What to work on:
Copy each line below that has "families".

Start of Block

(* Let $E$ be a Banach lattice and let $(u_n^* )_{n\ge1}$ be a finitely disjoint sequence in $(E^* )^+$. If there exist $u_0\in E^+$ and $\delta>0$ such that $\langle u_0,u_n^*\rangle\ge\delta$ for all $n$, then there exist a subsequence $(u^*_{n_k})_{k\ge1}$, a disjoint sequence $(v_k)_{k\ge1}$ in $[0,u_0]$ and $\varepsilon>0$ such that $\langle v_k,u^*_{n_k}\rangle\ge\varepsilon$ for all $k\in\mathbb N$.
   Context: A sequence $(x_n)$ in a Banach lattice is called finitely disjoint if for every $N\in\mathbb N$ there exist indices $i_1<i_2<\dots<i_N$ such that $x_{i_1},\dots,x_{i_N}$ are mutually disjoint. *)

From Stdlib Require Import Reals.
Open Scope R_scope.

Record BanachLattice := {
  car :> Type;
  zero : car;
  add : car -> car -> car;
  opp : car -> car;
  scal : R -> car -> car;
  le : car -> car -> Prop;
  join : car -> car -> car;
  meet : car -> car -> car;
  norm : car -> R;
  add_assoc : forall x y z, add x (add y z) = add (add x y) z;
  add_comm : forall x y, add x y = add y x;
  add_zero : forall x, add x zero = x;
  add_opp : forall x, add x (opp x) = zero;
  scal_assoc : forall a b x, scal a (scal b x) = scal (a * b) x;
  scal_one : forall x, scal 1 x = x;
  scal_distr_l : forall a x y, scal a (add x y) = add (scal a x) (scal a y);
  scal_distr_r : forall a b x, scal (a + b) x = add (scal a x) (scal b x);
  le_refl : forall x, le x x;
  le_antisym : forall x y, le x y -> le y x -> x = y;
  le_trans : forall x y z, le x y -> le y z -> le x z;
  le_add : forall x y z, le x y -> le (add x z) (add y z);
  le_scal : forall a x y, 0 <= a -> le x y -> le (scal a x) (scal a y);
  join_ub_l : forall x y, le x (join x y);
  join_ub_r : forall x y, le y (join x y);
  join_least : forall x y z, le x z -> le y z -> le (join x y) z;
  meet_lb_l : forall x y, le (meet x y) x;
  meet_lb_r : forall x y, le (meet x y) y;
  meet_greatest : forall x y z, le z x -> le z y -> le z (meet x y);
  norm_nonneg : forall x, 0 <= norm x;
  norm_eq0 : forall x, norm x = 0 -> x = zero;
  norm_scal : forall a x, norm (scal a x) = Rabs a * norm x;
  norm_triangle : forall x y, norm (add x y) <= norm x + norm y;
  (* lattice norm: |x| <= |y| implies ||x|| <= ||y|| *)
  norm_lattice : forall x y,
    le (join x (opp x)) (join y (opp y)) -> norm x <= norm y;
  complete : forall s : nat -> car,
    (forall eps, eps > 0 -> exists N, forall n m, (n >= N)%nat -> (m >= N)%nat ->
        norm (add (s n) (opp (s m))) < eps) ->
    exists l, forall eps, eps > 0 -> exists N, forall n, (n >= N)%nat ->
        norm (add (s n) (opp l)) < eps
}.

Arguments zero {_}.
Arguments add {_}.
Arguments opp {_}.
Arguments scal {_}.
Arguments le {_}.
Arguments join {_}.
Arguments meet {_}.
Arguments norm {_}.

Section Defs.
Variable E : BanachLattice.

Definition sub (x y : E) : E := add x (opp y).

Definition absE (x : E) : E := join x (opp x).

Definition disjointE (x y : E) : Prop := meet (absE x) (absE y) = zero.

(* elements of the dual E^star: bounded (= norm continuous) linear functionals *)
Definition is_dual (f : E -> R) : Prop :=
  (forall x y, f (add x y) = f x + f y) /\
  (forall a x, f (scal a x) = a * f x) /\
  (exists C, forall x, Rabs (f x) <= C * norm x).

Definition is_dual_pos (f : E -> R) : Prop :=
  is_dual f /\ forall x, le zero x -> 0 <= f x.

(* Disjointness of two positive functionals f, g in the Banach lattice E^star:
   f /\ g = 0, where (Riesz-Kantorovich) for x >= 0
   (f /\ g)(x) = inf { f y + g (x - y) : 0 <= y <= x }.
   Since this infimum is >= 0 for positive f, g, f /\ g = 0 means that the
   infimum is 0 for every x >= 0. *)
Definition disjoint_dual_pos (f g : E -> R) : Prop :=
  forall x, le zero x -> forall eps, eps > 0 ->
    exists y, le zero y /\ le y x /\ f y + g (sub x y) < eps.

Definition finitely_disjoint_dual_pos (u : nat -> E -> R) : Prop :=
  forall N : nat, exists i : nat -> nat,
    (forall j k, (j < k)%nat -> (k < N)%nat -> (i j < i k)%nat) /\
    (forall j k, (j < k)%nat -> (k < N)%nat -> disjoint_dual_pos (u (i j)) (u (i k))).

End Defs.

Arguments sub {_}.
Arguments absE {_}.
Arguments disjointE {_}.
Arguments is_dual {_}.
Arguments is_dual_pos {_}.
Arguments disjoint_dual_pos {_}.
Arguments finitely_disjoint_dual_pos {_}.

(* Normalise the functionals to g_m = u_m / u_m(u0), so that g_m(u0) = 1, and carve
   disjoint pieces out of [0, u0] one at a time.  At each stage we keep a remainder
   w <= u0 and a set P of indices, still containing arbitrarily long disjoint
   families, with g_m(w) >= c on P.  Take such a family of length N > 2/eta beyond
   the indices used so far; disjointness of the functionals yields pairwise disjoint
   q_i <= w with g_i(q_i) >= g_i(w) - eta/2.  Since the q_i add up to at most w <= u0,
   every g_m gives at most eta/2 to some q_i, and a pigeonhole argument on long
   families fixes one i for which the indices m with g_m(q_i) <= eta/2 again contain
   arbitrarily long disjoint families.  The positive and negative parts of w - 2 q_i
   are then a piece v with g_i(v) >= c - eta and a disjoint new remainder w' with
   g_m(w') >= c - eta for those m.  With eta = 2^-(k+2) at stage k all values stay
   above 1/2. *)

From Stdlib Require Import Reals Lra Lia List Classical ClassicalEpsilon.
Open Scope R_scope.

Local Arguments add_assoc {_}.
Local Arguments add_comm {_}.
Local Arguments add_zero {_}.
Local Arguments add_opp {_}.

Section VectorLattice.
Variable E : BanachLattice.
Implicit Types x y z a b c w : E.

Lemma add_0_l x : add zero x = x.
Proof. rewrite add_comm; apply add_zero. Qed.

Lemma add_opp_l x : add (opp x) x = zero.
Proof. rewrite add_comm; apply add_opp. Qed.

Lemma add_opp_cancel_l z x : add (opp z) (add z x) = x.
Proof. rewrite add_assoc, add_opp_l; apply add_0_l. Qed.

Lemma add_cancel_opp_l z x : add z (add (opp z) x) = x.
Proof. rewrite add_assoc, add_opp; apply add_0_l. Qed.

Lemma add_reg_l z x y : add z x = add z y -> x = y.
Proof. intro H. rewrite <- (add_opp_cancel_l z x), H. apply add_opp_cancel_l. Qed.

Lemma opp_involutive x : opp (opp x) = x.
Proof. apply (add_reg_l (opp x)). rewrite add_opp, add_opp_l. reflexivity. Qed.

Lemma opp_zero : opp (zero : E) = zero.
Proof. apply (add_reg_l zero). rewrite add_opp, add_zero. reflexivity. Qed.

Lemma opp_add x y : opp (add x y) = add (opp x) (opp y).
Proof.
  apply (add_reg_l (add x y)). rewrite add_opp, (add_comm (opp x)), add_assoc,
    <- (add_assoc x y), add_opp, add_zero, add_opp. reflexivity.
Qed.

Lemma add_sub_cancel_l x y : add (add x y) (opp x) = y.
Proof. rewrite (add_comm x y), <- add_assoc, add_opp, add_zero. reflexivity. Qed.

Lemma add_sub_cancel_r x y : add (add x y) (opp y) = x.
Proof. rewrite <- add_assoc, add_opp, add_zero. reflexivity. Qed.

Lemma le_add_l z x y : le x y -> le (add z x) (add z y).
Proof. intro H. rewrite (add_comm z x), (add_comm z y). apply le_add, H. Qed.

Lemma le_add_add x y x' y' : le x y -> le x' y' -> le (add x x') (add y y').
Proof. intros H H'. apply le_trans with (add y x'); [apply le_add | apply le_add_l]; auto. Qed.

Lemma add_nonneg x y : le zero x -> le zero y -> le zero (add x y).
Proof. intros. rewrite <- (add_zero zero). apply le_add_add; auto. Qed.

Lemma le_opp x y : le x y -> le (opp y) (opp x).
Proof.
  intro H. pose proof (le_add_l (add (opp x) (opp y)) x y H) as H'.
  rewrite (add_comm _ x), add_cancel_opp_l, (add_comm (opp x) (opp y)), (add_comm _ y),
    add_cancel_opp_l in H'.
  exact H'.
Qed.

Lemma le_sub_nonneg x y : le x y -> le zero (sub y x).
Proof. intro H. rewrite <- (add_opp x). apply le_add, H. Qed.

Lemma opp_nonpos x : le zero x -> le (opp x) zero.
Proof. intro H. rewrite <- opp_zero. apply le_opp, H. Qed.

Lemma join_comm x y : join x y = join y x.
Proof. apply le_antisym; apply join_least; auto using join_ub_l, join_ub_r. Qed.

Lemma meet_comm x y : meet x y = meet y x.
Proof. apply le_antisym; apply meet_greatest; auto using meet_lb_l, meet_lb_r. Qed.

Lemma add_join_distr z x y : add z (join x y) = join (add z x) (add z y).
Proof.
  apply le_antisym.
  - rewrite <- (add_cancel_opp_l z (join (add z x) (add z y))). apply le_add_l.
    apply join_least.
    + rewrite <- (add_opp_cancel_l z x) at 1. apply le_add_l, join_ub_l.
    + rewrite <- (add_opp_cancel_l z y) at 1. apply le_add_l, join_ub_r.
  - apply join_least; apply le_add_l; auto using join_ub_l, join_ub_r.
Qed.

Lemma add_meet_distr z x y : add z (meet x y) = meet (add z x) (add z y).
Proof.
  apply le_antisym.
  - apply meet_greatest; apply le_add_l; auto using meet_lb_l, meet_lb_r.
  - rewrite <- (add_cancel_opp_l z (meet (add z x) (add z y))). apply le_add_l.
    apply meet_greatest.
    + rewrite <- (add_opp_cancel_l z x) at 2. apply le_add_l, meet_lb_l.
    + rewrite <- (add_opp_cancel_l z y) at 2. apply le_add_l, meet_lb_r.
Qed.

Lemma opp_join x y : opp (join x y) = meet (opp x) (opp y).
Proof.
  apply le_antisym.
  - apply meet_greatest; apply le_opp; auto using join_ub_l, join_ub_r.
  - rewrite <- (opp_involutive (meet (opp x) (opp y))). apply le_opp, join_least.
    + rewrite <- (opp_involutive x) at 1. apply le_opp, meet_lb_l.
    + rewrite <- (opp_involutive y) at 1. apply le_opp, meet_lb_r.
Qed.

Lemma opp_meet x y : opp (meet x y) = join (opp x) (opp y).
Proof. rewrite <- (opp_involutive (join (opp x) (opp y))), opp_join, !opp_involutive. reflexivity. Qed.

Lemma join_add_meet x y : add (join x y) (meet x y) = add x y.
Proof.
  assert (H : meet x y = add (add x y) (opp (join x y))).
  { rewrite opp_join, add_meet_distr, add_sub_cancel_l, add_sub_cancel_r, meet_comm. reflexivity. }
  rewrite H, (add_comm (add x y)), add_cancel_opp_l. reflexivity.
Qed.

Lemma meet_le_compat a a' b b' : le a a' -> le b b' -> le (meet a b) (meet a' b').
Proof.
  intros. apply meet_greatest.
  - apply le_trans with a; auto using meet_lb_l.
  - apply le_trans with b; auto using meet_lb_r.
Qed.

Lemma meet_nonneg a b : le zero a -> le zero b -> le zero (meet a b).
Proof. intros; apply meet_greatest; auto. Qed.

Lemma meet_add_le a b c : le zero a -> le zero b -> le zero c ->
  le (meet (add a b) c) (add (meet a c) (meet b c)).
Proof.
  intros Ha Hb Hc. set (d := meet (add a b) c).
  assert (Hd : le (add d (opp (meet a c))) (meet b c)).
  { apply meet_greatest.
    - rewrite opp_meet, add_join_distr. apply join_least.
      + rewrite <- (add_sub_cancel_l a b). apply le_add, meet_lb_l.
      + apply le_trans with zero; auto. rewrite <- (add_opp c). apply le_add, meet_lb_r.
    - apply le_trans with d; [|apply meet_lb_r].
      rewrite <- (add_zero d) at 2. apply le_add_l, opp_nonpos, meet_nonneg; auto. }
  pose proof (le_add_l (meet a c) _ _ Hd) as H.
  rewrite (add_comm d), add_cancel_opp_l in H. exact H.
Qed.

Lemma disjoint_le a a' b b' : le zero a -> le a a' -> le zero b -> le b b' ->
  meet a' b' = zero -> meet a b = zero.
Proof.
  intros. apply le_antisym; [rewrite <- H3; apply meet_le_compat | apply meet_nonneg]; auto.
Qed.

Lemma add_le_of_disjoint a b w : le a w -> le b w -> meet a b = zero -> le (add a b) w.
Proof. intros. rewrite <- join_add_meet, H1, add_zero. apply join_least; auto. Qed.

Lemma absE_nonneg x : le zero x -> absE x = x.
Proof.
  intro H. apply le_antisym; [apply join_least | apply join_ub_l].
  - apply le_refl.
  - apply le_trans with zero; auto using opp_nonpos.
Qed.

Definition pos_part x : E := join x zero.

Lemma pos_part_nonneg x : le zero (pos_part x).
Proof. apply join_ub_r. Qed.

Lemma pos_part_le x w : le zero w -> le x w -> le (pos_part x) w.
Proof. intros; apply join_least; auto. Qed.

Lemma meet_pos_part_opp x : meet (pos_part x) (pos_part (opp x)) = zero.
Proof.
  unfold pos_part. set (n := join (opp x) zero).
  assert (Hp : join x zero = add n x).
  { rewrite add_comm. unfold n. rewrite add_join_distr, add_opp, add_zero, join_comm. reflexivity. }
  assert (Hm : meet x zero = opp n).
  { unfold n. rewrite opp_join, opp_involutive, opp_zero. reflexivity. }
  rewrite Hp. rewrite <- (add_zero n) at 2. rewrite <- add_meet_distr, Hm, add_opp. reflexivity.
Qed.
(* Consider the algorithm AILFEM described in the context, with arbitrary parameters $0<\theta\le 1$, $C_{\mathrm{mark}}\ge 1$, $\lambda_{\mathrm{lin}},\lambda_{\mathrm{alg}}>0$, $i_{\min}\in\mathbb{N}$, $\delta>0$ and an initial guess $u_0^{0,0}\in\mathcal{X}_0$ with $|||u_0^{0,0}|||\le 2M$. Then, independently of the adaptivity parameters $\theta$, $\lambda_{\mathrm{lin}}$ and $\lambda_{\mathrm{alg}}$, the $i$-loop of the algorithm always terminates, i.e., $\underline{i}[\ell,k]<\infty$ for all $(\ell,k,0)\in\mathcal{Q}$.
   Context: Abstract setting. Let $\mathcal{X}$ be a real Hilbert space with scalar product $\langle\!\langle\cdot,\cdot\rangle\!\rangle$ and norm $|||\cdot|||$, with dual space $\mathcal{X}'$ (norm $\|\cdot\|_{\mathcal{X}'}$, duality bracket $\langle\cdot,\cdot\rangle$). Let $\mathcal{A}:\mathcal{X}\to\mathcal{X}'$ be a nonlinear operator and $F\in\mathcal{X}'$ with $\mathcal{A}0\neq F$. Assume: (SM) there is $\alpha>0$ with $\alpha|||v-w|||^2\le\langle\mathcal{A}v-\mathcal{A}w,v-w\rangle$ for all $v,w\in\mathcal{X}$; (LIP) for every $\vartheta>0$ there is $L[\vartheta]>0$ with $\langle\mathcal{A}v-\mathcal{A}w,\varphi\rangle\le L[\vartheta]\,|||v-w|||\,|||\varphi|||$ for all $v,w,\varphi\in\mathcal{X}$ with $\max\{|||v|||,|||v-w|||\}\le\vartheta$; (POT) there is a Gâteaux differentiable $\mathcal{P}:\mathcal{X}\to\mathbb{R}$ with $\langle\mathcal{A}w,v\rangle=\lim_{t\to0}(\mathcal{P}(w+tv)-\mathcal{P}(w))/t$ for all $v,w$. The energy is $\mathcal{E}(v):=\mathcal{P}(v)-F(v)$. For every closed subspace $\mathcal{Y}\subseteq\mathcal{X}$ there is a unique $u^\star_{\mathcal{Y}}\in\mathcal{Y}$ with $\langle\mathcal{A}u^\star_{\mathcal{Y}},v\rangle=F(v)$ for all $v\in\mathcal{Y}$; $u^\star:=u^\star_{\mathcal{X}}$. Put $M:=\|F-\mathcal{A}0\|_{\mathcal{X}'}/\alpha$. Meshes. $\mathcal{T}_0$ is an initial conforming simplicial triangulation; $\mathtt{refine}(\mathcal{T}_H,\mathcal{M}_H)$ is the coarsest newest-vertex-bisection (NVB) refinement of $\mathcal{T}_H$ in which all elements of $\mathcal{M}_H\subseteq\mathcal{T}_H$ are refined; $\mathbb{T}(\mathcal{T}_H)$ is the set of meshes obtained from $\mathcal{T}_H$ by finitely many NVB steps, $\mathbb{T}:=\mathbb{T}(\mathcal{T}_0)$. Each $\mathcal{T}_H\in\mathbb{T}$ is associated with a finite-dimensional subspace $\mathcal{X}_H\subset\mathcal{X}$, nested: $\mathcal{X}_H\subseteq\mathcal{X}_h$ if $\mathcal{T}_h\in\mathbb{T}(\mathcal{T}_H)$. Write $u_H^\star:=u^\star_{\mathcal{X}_H}$. Zarantonello map: for $\delta>0$, $w_H\in\mathcal{X}_H$, $\Phi_H(\delta;w_H)\in\mathcal{X}_H$ is the unique solution of $\langle\!\langle\Phi_H(\delta;w_H),v_H\rangle\!\rangle=\langle\!\langle w_H,v_H\rangle\!\rangle+\delta[F(v_H)-\langle\mathcal{A}w_H,v_H\rangle]$ for all $v_H\in\mathcal{X}_H$. Algebraic solver: there is $0<q_{\mathrm{alg}}<1$ and for each $\mathcal{T}_H$ a map $\Psi_H:\mathcal{X}'\times\mathcal{X}_H\to\mathcal{X}_H$ such that for every $\varphi\in\mathcal{X}'$, with $w_H^\star\in\mathcal{X}_H$ solving $\langle\!\langle w_H^\star,v_H\rangle\!\rangle=\varphi(v_H)$ for all $v_H\in\mathcal{X}_H$, one has $|||w_H^\star-\Psi_H(\varphi;w_H)|||\le q_{\mathrm{alg}}|||w_H^\star-w_H|||$ for all $w_H\in\mathcal{X}_H$. One writes $\Psi_H(w_H^\star;\cdot)$ for $\Psi_H(\varphi;\cdot)$. Estimator: for $\mathcal{T}_H\in\mathbb{T}$, $T\in\mathcal{T}_H$, $v_H\in\mathcal{X}_H$ a number $\eta_H(T,v_H)\ge0$ is given; $\eta_H(\mathcal{U},v_H):=(\sum_{T\in\mathcal{U}}\eta_H(T,v_H)^2)^{1/2}$ for $\mathcal{U}\subseteq\mathcal{T}_H$ and $\eta_H(v_H):=\eta_H(\mathcal{T}_H,v_H)$. Index $\ell$ refers to $\mathcal{T}_\ell$, $\mathcal{X}_\ell$, $\Phi_\ell$, $\Psi_\ell$, $\eta_\ell$, $u_\ell^\star$. Algorithm AILFEM. Input: $\mathcal{T}_0$, $0<\theta\le1$, $C_{\mathrm{mark}}\ge1$, $\lambda_{\mathrm{lin}},\lambda_{\mathrm{alg}}>0$, $i_{\min}\in\mathbb{N}$, $\delta>0$, $u_0^{0,0}\in\mathcal{X}_0$ with $|||u_0^{0,0}|||\le2M$; set $u_0^{0,\star}:=u_0^{0,\underline{i}}:=u_0^{0,0}$. For $\ell=0,1,2,\dots$: (I) For $k=1,2,\dots$: set $u_\ell^{k,0}:=u_\ell^{k-1,\underline{i}}$ and $u_\ell^{k,\star}:=\Phi_\ell(\delta;u_\ell^{k-1,\underline{i}})$ (not computed). For $i=1,2,\dots$: compute $u_\ell^{k,i}:=\Psi_\ell(u_\ell^{k,\star};u_\ell^{k,i-1})$ and $\eta_\ell(u_\ell^{k,i})$; terminate the $i$-loop with $\underline{i}[\ell,k]:=i$ if $|||u_\ell^{k,i-1}-u_\ell^{k,i}|||\le\lambda_{\mathrm{alg}}[\lambda_{\mathrm{lin}}\eta_\ell(u_\ell^{k,i})+|||u_\ell^{k,i}-u_\ell^{k,0}|||]$ and $i_{\min}\le i$. Write $u_\ell^{k,\underline{i}}:=u_\ell^{k,\underline{i}[\ell,k]}$. Terminate the $k$-loop with $\underline{k}[\ell]:=k$ if $\mathcal{E}(u_\ell^{k,0})-\mathcal{E}(u_\ell^{k,\underline{i}})\le\lambda_{\mathrm{lin}}^2\eta_\ell(u_\ell^{k,\underline{i}})^2$ and $|||u_\ell^{k,\underline{i}}|||\le2M$. (II) Choose $\mathcal{M}_\ell\subseteq\mathcal{T}_\ell$ with $\theta\,\eta_\ell(u_\ell^{\underline{k},\underline{i}})^2\le\eta_\ell(\mathcal{M}_\ell,u_\ell^{\underline{k},\underline{i}})^2$ and $\#\mathcal{M}_\ell\le C_{\mathrm{mark}}\min\{\#\mathcal{U}:\mathcal{U}\subseteq\mathcal{T}_\ell,\ \theta\eta_\ell(u_\ell^{\underline{k},\underline{i}})^2\le\eta_\ell(\mathcal{U},u_\ell^{\underline{k},\underline{i}})^2\}$. (III) $\mathcal{T}_{\ell+1}:=\mathtt{refine}(\mathcal{T}_\ell,\mathcal{M}_\ell)$ and $u_{\ell+1}^{0,0}:=u_{\ell+1}^{0,\underline{i}}:=u_{\ell+1}^{0,\star}:=u_\ell^{\underline{k},\underline{i}}$. Index set: $\mathcal{Q}:=\{(\ell,k,i)\in\mathbb{N}_0^3: u_\ell^{k,i}\text{ is used in the algorithm}\}$, and $\underline{i}[\ell,k]:=\sup\{i\in\mathbb{N}:(\ell,k,i)\in\mathcal{Q}\}\in\mathbb{N}\cup\{\infty\}$. *)

From HB Require Import structures.
From mathcomp Require Import all_boot all_order all_algebra.
From mathcomp Require Import all_classical all_reals all_analysis.
Set Implicit Arguments. Unset Strict Implicit. Unset Printing Implicit Defensive.
Import Order.TTheory GRing.Theory Num.Theory.
Local Open Scope classical_set_scope.
Local Open Scope ring_scope.
Lemma psd_kernel_schur j : A j j != 0 ->
  psd_kernel (fun x y => A x y - A x j * (A y j)^* / A j j).
Proof.
move=> p_neq0 n c x.
have p_real : (A j j)^* = A j j := geC0_conj (psd_kernel_diag_ge0 j).
set p := A j j in p_neq0 p_real *; set u := \sum_(i < n) c i * A (x i) j.
(* extend the test vector by the coefficient [- u / p] at the pivot [j] *)
have := psdA n.+1 (fun k => if (k < n)%N then c k else - u / p)
                  (fun k => if (k < n)%N then x k else j).
rewrite big_ord_recr /=; under eq_bigr => i _ do rewrite big_ord_recr /=.
rewrite big_split /= ltnn big_ord_recr /= ltnn.
under eq_bigr => i _ do under eq_bigr => k _ do rewrite /= !ltn_ord.
under [X in _ + X + _]eq_bigr => i _ do rewrite /= ltn_ord.
under [X in _ + _ + (X + _)]eq_bigr => i _ do rewrite /= ltn_ord.
set S := \sum_(i < n) \sum_(k < n) _.
have -> : \sum_(i < n) c i * (- u / p)^* * A (x i) j = u * (- u / p)^*.
  by rewrite /u big_distrl /=; apply: eq_bigr => i _; ring.
have -> : \sum_(i < n) - u / p * (c i)^* * A j (x i) = - u / p * u^*.
  rewrite /u rmorph_sum big_distrr /=; apply: eq_bigr => i _.
  by rewrite (psd_kernel_herm (x i) j) rmorphM /=; ring.
rewrite rmorphM rmorphN fmorphV /= p_real => /le_trans; apply.
suff -> : \sum_(i < n) \sum_(k < n) c i * (c k)^* *
    (A (x i) (x k) - A (x i) j * (A (x k) j)^* / p) = S - u * u^* / p.
  by rewrite le_eqVlt -/p; apply/orP; left; apply/eqP; field.
rewrite /S /u rmorph_sum /= !big_distrl /= -sumrB; apply: eq_bigr => i _.
rewrite big_distrr /= big_distrl /= -sumrB; apply: eq_bigr => k _.
by rewrite rmorphM /=; ring.
Qed.

End Psd.

Section Cholesky.
Variable A : nat -> nat -> C.
Hypothesis psdA : psd_kernel A.
Definition nonsingular (q1 q2 q3 : vec3) : Prop :=
  on_sphere q1 /\ on_sphere q2 /\ on_sphere q3 /\
  gdist q1 q2 <> 0 /\ gdist q1 q2 <> PI /\
  gdist q1 q3 <> 0 /\ gdist q1 q3 <> PI /\
  gdist q2 q3 <> 0 /\ gdist q2 q3 <> PI.

(* fixed point: critical point of V on the manifold, i.e. the differential of V
   vanishes on every tangent vector (v1,v2,v3), v_i orthogonal to q_i. *)
Definition fixed_point (m1 m2 m3 : R) (q1 q2 q3 : vec3) : Prop :=
  nonsingular q1 q2 q3 /\
  forall v1 v2 v3 : vec3,
    dot v1 q1 = 0 -> dot v2 q2 = 0 -> dot v3 q3 = 0 ->
    is_derive (fun t : R =>
                 forceV m1 m2 m3 (vadd q1 (vscal t v1)) (vadd q2 (vscal t v2))
                        (vadd q3 (vscal t v3))) 0 0.

Definition equator (phi : R) : vec3 := (cos phi, sin phi, 0).

Definition inU (a b : R) : Prop :=
  0 < a < PI /\ 0 < b < PI /\ PI < a + b < 2 * PI.

Definition acute_fixed_point (m1 m2 m3 a b : R) : Prop :=
  inU a b /\ fixed_point m1 m2 m3 (equator 0) (equator a) (equator (a + b)).

Definition inV (m1 m2 : R) : Prop :=
  let m3 := 1 - m1 - m2 in
  0 < m1 < 1 /\ 0 < m2 < 1 /\
  m1 ^ 2 * m2 ^ 2 + m1 ^ 2 * m3 ^ 2 + m2 ^ 2 * m3 ^ 2 - 2 * m1 * m2 * m3 < 0.

From Stdlib Require Import Reals Lra Psatz.
From Coquelicot Require Import Coquelicot.
Open Scope R_scope.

End of Block

Written response:
   families, with g_m(w) >= c on P.  Take such a family of length N > 2/eta beyond
   families fixes one i for which the indices m with g_m(q_i) <= eta/2 again contain
   arbitrarily long disjoint families.  The positive and negative parts of w - 2 q_i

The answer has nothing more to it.